E’ bene evidenziare questo punto, perché questo è il rischio che più dovrebbe preoccupare l’Italia e non, come erroneamente riportato da moltissimi media, il rischio default. In caso l’Italia dovesse affrontare un problema di liquidità, l’Eurozona potrebbe avere serissimi problemi a concedergli un bail-out(prestito) come già fatto per Grecia, Portogallo ed Irlanda, vista la mole di debito da emettere dell’Italia.

Tutto ciò ci riporta allo spread e chiarisce meglio la situazione: visto che il rendimento dei titoli italiani aumenta, aumenta anche lo spread. Tutto così semplice? Non proprio. Visto che siamo in un periodo in cui la paura sui mercati è assai elevata, gli investitori corrono sempre più verso i cosiddetti beni rifugio: franco svizzero, oro e per l’appunto bund tedesco. Per cui gli investitori non solo “scappano” dai titoli di stato italiani, ma comprano titoli di stato tedeschi (nonostante abbiano rendimenti netti al tasso dell’inflazione addirittura negativi); questo significa che la curva dei rendimenti dei Bund scende, per cui si allarga anche in questo caso lo spread. Pure ipotizzando che i rendimenti italiani rimangano stabili, assisteremmo in ogni caso all’aumento dello Spread.

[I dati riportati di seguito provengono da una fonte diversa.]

(* For all integers $r \geq 2$ and $k \geq 3$, we have $P_r(k) > (k-1) r$.
   Context: A colour pattern on a vertex set $V$ is a sequence $G_1,\dots,G_r$ of pairwise edge-disjoint graphs all having vertex set $V$; it is $K_{k+1}$-free if no $G_i$ contains $K_{k+1}$. Given a colour pattern $G_1,\dots,G_r$ on $V$ and a colouring $c: V \to [r]$, a strongly monochromatic $K_k$ is a set of $k$ vertices all receiving the same colour $i$ under $c$ and forming a clique in $G_i$. $P_r(k)$ is the smallest integer $n$ such that there exists a $K_{k+1}$-free colour pattern $G_1,\dots,G_r$ on an $n$-element vertex set $V$ such that every colouring $V \to [r]$ yields a strongly monochromatic $K_k$. *)

From mathcomp Require Import all_boot.
Set Implicit Arguments. Unset Strict Implicit. Unset Printing Implicit Defensive.

Definition simple_graph (V : finType) (g : rel V) : Prop :=
  (forall x, ~~ g x x) /\ (forall x y, g x y = g y x).

Definition is_clique (V : finType) (g : rel V) (S : {set V}) : Prop :=
  forall x y, x \in S -> y \in S -> x != y -> g x y.

Definition has_clique (V : finType) (g : rel V) (m : nat) : Prop :=
  exists S : {set V}, #|S| = m /\ is_clique g S.

Definition colour_pattern (V : finType) (r : nat) (G : 'I_r -> rel V) : Prop :=
  (forall i, simple_graph (G i)) /\
  (forall i j x y, i != j -> ~~ (G i x y && G j x y)).

Definition Kfree_pattern (V : finType) (r : nat) (G : 'I_r -> rel V) (m : nat) : Prop :=
  forall i, ~ has_clique (G i) m.

Definition has_strong_mono_clique (V : finType) (r : nat) (G : 'I_r -> rel V)
    (c : V -> 'I_r) (k : nat) : Prop :=
  exists (i : 'I_r) (S : {set V}),
    #|S| = k /\ (forall x, x \in S -> c x = i) /\ is_clique (G i) S.

(* n-vertex witness for P_r(k) <= n: a K_{k+1}-free colour pattern on an n-set
   such that every colouring yields a strongly monochromatic K_k. *)
Definition P_witness (r k n : nat) : Prop :=
  exists G : 'I_r -> rel 'I_n,
    colour_pattern G /\ Kfree_pattern G k.+1 /\
    forall c : 'I_n -> 'I_r, has_strong_mono_clique G c k.

From mathcomp Require Import all_boot.

Set Implicit Arguments. Unset Strict Implicit. Unset Printing Implicit Defensive.

(* Split the n <= (k-1) r vertices into r consecutive blocks of k - 1; colouring
   each block with its own colour leaves every colour class with fewer than k
   vertices, so no colour can carry a monochromatic K_k, whatever the pattern. *)

Lemma no_strong_mono_clique (V : finType) (r k : nat) (G : 'I_r -> rel V)
    (c : V -> 'I_r) :
  (forall i, #|[set v | c v == i]| < k) -> ~ has_strong_mono_clique G c k.
Proof.
move=> small [i [S [cardS [cS _]]]].
have sub_fibre : S \subset [set v | c v == i].
  by apply/subsetP=> v vS; rewrite inE cS.
by move: (small i); rewrite -cardS ltnNge (subset_leq_card sub_fibre).
Qed.

Lemma block_colouring (n d r : nat) :
  0 < d -> n <= d * r -> exists c : 'I_n -> 'I_r, forall i, #|[set v | c v == i]| <= d.
Proof.
move=> d_gt0 le_n_dr.
have block_lt (v : 'I_n) : v %/ d < r.
  by rewrite ltn_divLR // mulnC (leq_trans (ltn_ord v)).
have offset_lt (v : 'I_n) : v %% d < d by rewrite ltn_mod.
exists (fun v => Ordinal (block_lt v)) => i.
set F := [set v | _].
have inj_offset : {in F &, injective (fun v => Ordinal (offset_lt v))}.
  move=> x y; rewrite !inE => /eqP cx /eqP cy /(congr1 val) /= eq_mod.
  have eq_div : x %/ d = y %/ d by have := congr1 val (etrans cx (esym cy)).
  by apply: val_inj; rewrite /= (divn_eq x d) (divn_eq y d) eq_div eq_mod.
rewrite -(card_in_imset inj_offset).
by rewrite -[d in _ <= d]card_ord max_card.
Qed.

Theorem lemma3p1 (r k : nat) (hr : 2 <= r) (hk : 3 <= k) :
  forall n : nat, n <= (k - 1) * r -> ~ P_witness r k n.
Proof.
move=> n le_n [G [_ [_ all_mono]]].
have k1_gt0 : 0 < k - 1 by rewrite subn_gt0 (leq_trans _ hk).
have [c small] := block_colouring k1_gt0 le_n.
apply: (no_strong_mono_clique (c := c)) (all_mono c) => i.
by rewrite (leq_ltn_trans (small i)) // ltn_subrL (leq_trans _ hk).
Qed.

Tutto questo, significa che lo spread è spesso un indicatore assai incompleto e in alcuni casi fuorviante: se domani il rendimento tedesco scendesse di 10 punti, mentre quello italiano “solo” di 5 punti, assisteremmo ad un aumento dello Spread di 5 punti nonostante si sia verificato un calo dei rendimenti dei titoli italiani (che è quello che vorremmo sempre vedere attualmente).  Trovo per cui sbagliato ragionare sullo Spread come un parametro isolato,ma dovrebbe essere sempre accompagnato dall’effettivo rendimento dei titoli di stato.

Per cui ora abbiamo un panorama piuttosto completo, i CDS, i rendimenti dei titoli di Stato, lo spread e le agenzie di rating, sono tutti parte di un puzzle che contribuisce a determinare il rischio di un paese di andare in default.